A paltry, doomed retinue.
Two soldiers had dismounted to walk at the heads of the cart horses. Hathumod stared white-faced at him.
“Brother Ivar!” said Constance reprovingly, but then she saw the dead man tumbled in the undergrowth, and she turned her gaze away. Her face was pale, and her expression grim.
Baldwin did not move.
“I told you to ride!” shouted the sergeant. “Move!”
Ivar mounted and slapped Johannes’ horse on the rump with his reins. “Let’s go!”
The two riders pushed on, leaving the rest of the party behind. After a while, as the wind and their path twisted up a hillside, they heard shouting far behind. The sound faded at once; maybe he had only imagined it. Around them, there was nothing to see but trees, a tangled prospect of holm and oak most likely cut back a generation ago and now grown thick with young trees and vigorous undergrowth. He halted, turning in the saddle to listen, as Johannes kept riding toward a half seen switchback. Hooves drummed behind. Someone was coming up fast.
“Come on! Come on, my lord!” cried the lad. He was so scared that he sounded indignant.
And why not? Why shouldn’t the poor young soldier be aggrieved at fate? Why must it always be so difficult?
“Ai, God!” Johannes squeaked with fear, slapping a hand against his throat as at a wasp. “Ayee! Ayee! It burns!”
Ivar’s mount startled, kicking, and turned a complete circle as Ivar fought to keep his seat and get hold of the trailing lead to his spare. All this passed in an instant. He lifted his gaze to see Johannes, about thirty paces ahead now, topple from his saddle and tumble gracelessly onto the hard path.
Above, a creature stepped out from the shadows onto the road. It had a shapely woman’s body but the head of a snarling dog. Ivar was shaking so hard he could not calm his horses, and Johannes’ pair bolted, one downslope too fast for him to grab, and the other only four steps when it stopped short as Johannes’ weight dragged it to a halt. One leg had caught in the reins, but the young soldier lay there so limp it was apparent he was unconscious, or dead.

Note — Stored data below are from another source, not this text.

(* For any $n$-agent rank-based mechanism with allocation rule $x$ and any $\delta<1/n$: (1) $\sup_{q<\delta}x'(q)\le e\,x'(\delta)$, and (2) $\sup_{q>1-\delta}x'(q)\le e\,x'(1-\delta)$.
   Context: For $k\in\{1,\dots,n-1\}$ the $k$-highest-bids-win allocation rule in quantile space is $x_k(q)=\sum_{i=0}^{k-1}\binom{n-1}{i}q^{n-1-i}(1-q)^i$, with derivative $x_k'(q)=(n-1)\binom{n-2}{k-1}q^{n-k-1}(1-q)^{k-1}$; $x_0\equiv 0$, $x_n\equiv 1$. A rank-based mechanism with position weights $1\ge w_1\ge\cdots\ge w_n\ge 0$ ($w_{n+1}:=0$) has allocation rule $x(q)=\sum_{k=1}^{n}(w_k-w_{k+1})x_k(q)$, $q\in[0,1]$. *)

From Stdlib Require Import Reals.
Open Scope R_scope.

(* k-highest-bids-win allocation rule in quantile space, n agents:
   x_0 = 0, x_n = 1, and for 1 <= k <= n-1
   x_k(q) = sum_{i=0}^{k-1} C(n-1,i) q^(n-1-i) (1-q)^i. *)
Definition xk (n k : nat) (q : R) : R :=
  if Nat.eqb k 0 then 0
  else if Nat.eqb k n then 1
  else sum_f_R0 (fun i => C (n - 1) i * q ^ (n - 1 - i) * (1 - q) ^ i) (k - 1).

Definition xk' (n k : nat) (q : R) : R :=
  if Nat.eqb k 0 then 0
  else if Nat.eqb k n then 0
  else INR (n - 1) * C (n - 2) (k - 1) * q ^ (n - k - 1) * (1 - q) ^ (k - 1).

Definition wext (n : nat) (w : nat -> R) (k : nat) : R :=
  if Nat.ltb n k then 0 else w k.

(* Rank-based mechanism allocation rule x(q) = sum_{k=1}^n (w_k - w_{k+1}) x_k(q). *)
Definition alloc (n : nat) (w : nat -> R) (q : R) : R :=
  sum_f_R0 (fun j => (wext n w (S j) - wext n w (S (S j))) * xk n (S j) q) (n - 1).

Definition alloc' (n : nat) (w : nat -> R) (q : R) : R :=
  sum_f_R0 (fun j => (wext n w (S j) - wext n w (S (S j))) * xk' n (S j) q) (n - 1).

Definition valid_weights (n : nat) (w : nat -> R) : Prop :=
  w 1%nat <= 1 /\
  (forall k : nat, (1 <= k)%nat -> (k < n)%nat -> w (S k) <= w k) /\
  0 <= w n.

(* Each x_k' is a monomial K q^a (1-q)^b with K >= 0 and a + b = n - 2.
   On [0, delta) the factor q^a is at most delta^a, and (1-q)^b <= 1 <= e (1-delta)^b
   because (1 - delta)^-b <= exp (b delta / (1 - delta)) <= e when (b + 1) delta < 1.
   The region (1-delta, 1] is the mirror image under q |-> 1 - q, and the claim for
   x' = sum (w_k - w_{k+1}) x_k' follows since the weights are nonincreasing. *)

From Stdlib Require Import Reals Lra Lia.
Open Scope R_scope.

Lemma exp_INR_mul (m : nat) (y : R) : exp (INR m * y) = exp y ^ m.
Proof.
  induction m as [|m IH].
  - simpl. rewrite Rmult_0_l. exact exp_0.
  - rewrite S_INR, Rmult_plus_distr_r, Rmult_1_l, exp_plus, IH. simpl. ring.
Qed.

Lemma one_le_exp1_mul_pow_one_sub (d : R) (m : nat) :
  0 < d -> INR (S m) * d < 1 -> 1 <= exp 1 * (1 - d) ^ m.
Proof.
  intros Hd Hmd. rewrite S_INR in Hmd.
  pose proof (pos_INR m) as Hm.
  assert (Hd1 : 0 < 1 - d) by nra.
  set (y := d / (1 - d)).
  assert (Hstep : 1 <= (1 - d) * exp y).
  { assert (Hy : (1 - d) * (1 + y) = 1) by (unfold y; field; lra).
    pose proof (exp_ineq1_le y). nra. }
  assert (Hpow : 1 <= (1 - d) ^ m * exp (INR m * y)).
  { rewrite exp_INR_mul, <- Rpow_mult_distr. now apply pow_R1_Rle. }
  (* m d <= 1 - d, i.e. m y <= 1 *)
  assert (Hexp : exp (INR m * y) <= exp 1).
  { apply Rlt_le, exp_increasing.
    unfold y. apply Rmult_lt_reg_r with (1 - d); [lra|].
    field_simplify; lra. }
  assert (0 <= (1 - d) ^ m) by (apply pow_le; lra).
  nra.
Qed.

Lemma monomial_le_exp1_mul (K q d : R) (a b : nat) :
  0 <= K -> 0 <= q -> q < d -> INR (S b) * d < 1 ->
  K * q ^ a * (1 - q) ^ b <= exp 1 * (K * d ^ a * (1 - d) ^ b).
Proof.
  intros HK Hq Hqd Hbd.
  assert (Hd : 0 < d) by lra.
  assert (Hd1 : d < 1).
  { rewrite S_INR in Hbd. pose proof (Rmult_le_pos _ _ (pos_INR b) (Rlt_le _ _ Hd)). lra. }
  assert (q ^ a <= d ^ a) by (apply pow_incr; lra).
  assert ((1 - q) ^ b <= 1)
    by (apply Rle_trans with (1 ^ b); [apply pow_incr; lra | rewrite pow1; lra]).
  pose proof (one_le_exp1_mul_pow_one_sub d b Hd Hbd).
  assert (0 <= q ^ a) by (apply pow_le; lra).
  assert (0 <= (1 - q) ^ b) by (apply pow_le; lra).
  assert (K * q ^ a <= K * d ^ a) by (apply Rmult_le_compat_l; assumption).
  assert (0 <= K * q ^ a) by (apply Rmult_le_pos; assumption).
  nra.
Qed.

Lemma C_ge0 (m k : nat) : 0 <= C m k.
Proof.
  unfold C. apply Rmult_le_pos; [apply pos_INR|].
  apply Rlt_le, Rinv_0_lt_compat, Rmult_lt_0_compat; apply lt_0_INR, Factorial.lt_O_fact.
Qed.

Lemma INR_mul_lt1_le (m n : nat) (d : R) :
  (m <= n)%nat -> 0 <= d -> INR n * d < 1 -> INR m * d < 1.
Proof. intros Hmn Hd Hn. pose proof (le_INR m n Hmn). nra. Qed.

Section DerivativeBounds.

Variables (n k : nat) (d : R).
Hypotheses (Hk : (k <= n)%nat) (Hd : 0 < d) (Hnd : INR n * d < 1).

Let K := INR (n - 1) * C (n - 2) (k - 1).

Let K_ge0 : 0 <= K.
Proof. apply Rmult_le_pos; [apply pos_INR | apply C_ge0]. Qed.

Lemma xk'_le_exp1_mul_left (q : R) :
  0 <= q -> q < d -> xk' n k q <= exp 1 * xk' n k d.
Proof.
  intros Hq Hqd. unfold xk'.
  destruct (Nat.eqb_spec k 0); [lra|].
  destruct (Nat.eqb_spec k n); [lra|].
  fold K.
  apply monomial_le_exp1_mul; [exact K_ge0 | lra | lra |].
  apply INR_mul_lt1_le with n; [lia | lra | exact Hnd].
Qed.

Lemma xk'_le_exp1_mul_right (q : R) :
  1 - d < q -> q <= 1 -> xk' n k q <= exp 1 * xk' n k (1 - d).
Proof.
  intros Hq Hq1. unfold xk'.
  destruct (Nat.eqb_spec k 0); [lra|].
  destruct (Nat.eqb_spec k n); [lra|].
  fold K.
  replace q with (1 - (1 - q)) at 1 by ring.
  replace (1 - (1 - d)) with d by ring.
  replace (K * (1 - (1 - q)) ^ (n - k - 1) * (1 - q) ^ (k - 1))
    with (K * (1 - q) ^ (k - 1) * (1 - (1 - q)) ^ (n - k - 1)) by ring.
  replace (K * (1 - d) ^ (n - k - 1) * d ^ (k - 1))
    with (K * d ^ (k - 1) * (1 - d) ^ (n - k - 1)) by ring.
  apply monomial_le_exp1_mul; [exact K_ge0 | lra | lra |].
  apply INR_mul_lt1_le with n; [lia | lra | exact Hnd].
Qed.

End DerivativeBounds.

Lemma wext_diff_ge0 (n : nat) (w : nat -> R) (j : nat) :
  valid_weights n w -> (j < n)%nat -> 0 <= wext n w (S j) - wext n w (S (S j)).
Proof.
  intros [_ [Hmono Hwn]] Hj. unfold wext.
  destruct (Nat.ltb_spec n (S j)); [lia|].
  destruct (Nat.ltb_spec n (S (S j))).
  - replace (S j) with n by lia. lra.
  - assert (w (S (S j)) <= w (S j)) by (apply Hmono; lia). lra.
Qed.

Lemma sum_weighted_le (c f g : nat -> R) (N : nat) (M : R) :
  (forall j, (j <= N)%nat -> 0 <= c j) ->
  (forall j, (j <= N)%nat -> f j <= M * g j) ->
  sum_f_R0 (fun j => c j * f j) N <= M * sum_f_R0 (fun j => c j * g j) N.
Proof.
  intros Hc Hfg. rewrite scal_sum. apply sum_Rle. intros j Hj.
  pose proof (Hc j Hj). pose proof (Hfg j Hj). nra.
Qed.

Theorem mainTheorem7 (n : nat) (w : nat -> R) (delta : R)
  (hn : (1 <= n)%nat) (hw : valid_weights n w)
  (hd0 : 0 < delta) (hd1 : delta < 1 / INR n) :
  (forall q : R, 0 <= q -> q < delta -> alloc' n w q <= exp 1 * alloc' n w delta) /\
  (forall q : R, 1 - delta < q -> q <= 1 -> alloc' n w q <= exp 1 * alloc' n w (1 - delta)).
Proof.
  assert (Hnd : INR n * delta < 1).
  { assert (Hn0 : 0 < INR n) by (apply lt_0_INR; lia).
    apply Rmult_lt_compat_l with (r := INR n) in hd1; [|exact Hn0].
    unfold Rdiv in hd1. rewrite Rmult_1_l, Rinv_r in hd1 by lra. exact hd1. }
  assert (Hc : forall j, (j <= n - 1)%nat -> 0 <= wext n w (S j) - wext n w (S (S j)))
    by (intros; apply wext_diff_ge0; [exact hw | lia]).
  split; intros q Hq Hq'; apply sum_weighted_le; auto; intros j Hj.
  - apply xk'_le_exp1_mul_left; auto; lia.
  - apply xk'_le_exp1_mul_right; auto; lia.
Qed.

Below, a rider with an extra horse burst into view. A gust of wind wailed along the slope, bringing the distant taint of smoke up from along the river. The dog-woman cast back her head—he could see the curve of her smooth, humanlike throat—and sniffed, then yelped words that meant nothing to him and leaped back into the cover of the trees.
Below, the rider snagged the loose mare that had gotten away.
“Ai, God!” Baldwin cried, pounding up. “What was that?”
“Shades!” Ivar croaked. “Shadows. Evil things! What are you doing here?”
Baldwin gulped but could not answer. Ivar swung off his horse and handed the reins of his pair to Baldwin before dashing up the path to kneel beside Johannes. With an effort, he got the leg free, but shook his head.
“Dead. Broke his neck, I suppose.” He lifted a dart off the path. “Just a scratch.” He tossed it aside and dragged the corpse into a thicket of lush honeysuckle.
Out of the empty woods a horn call rose, shrill and insistent. He grabbed Johannes’ horse, mounted, and started riding. Baldwin pressed up behind him and, as they came to the switchback, they halted in order to tie the spare mounts one behind the next.
“There’s a break just there,” said Ivar. They tied the horses to a tree and pushed through the underbrush to a rocky outcropping that rode above the treetops. The wind roared off an escarpment, which plunged the height of five or six men, the face giving a vista of forest into the south, but they stared west, back the way they had come. They saw a haze on the horizon, and obscuring trees. Below, it was possible to see the last clearing through which they had passed, with its pair of lichen-stained boulders and its open space grown with green grass. Here came a score of Eika jogging in tight formation, pushing up from the lowlands. Light winked above them: a shower of arrows raining out of the woods. These fell among the Eika, and perhaps some struck, but the dragon-men did not slacken their pace at all, and none fell to the attack. Animal-headed creatures darted out into the clearing and threw flashing javelins and darted away again into the shelter of the trees.
“Best go,” said Baldwin, tugging on Ivar’s arm.
“God have mercy,” he said.
They traveled that day at a bruising pace, speaking little. One of the spare mounts threw a shoe and began to limp, so they let it go. When it seemed they would blow the horses if they did not stop, they rested near a stream where there was also some grazing, but they pushed on soon after until it grew too dark to travel without light.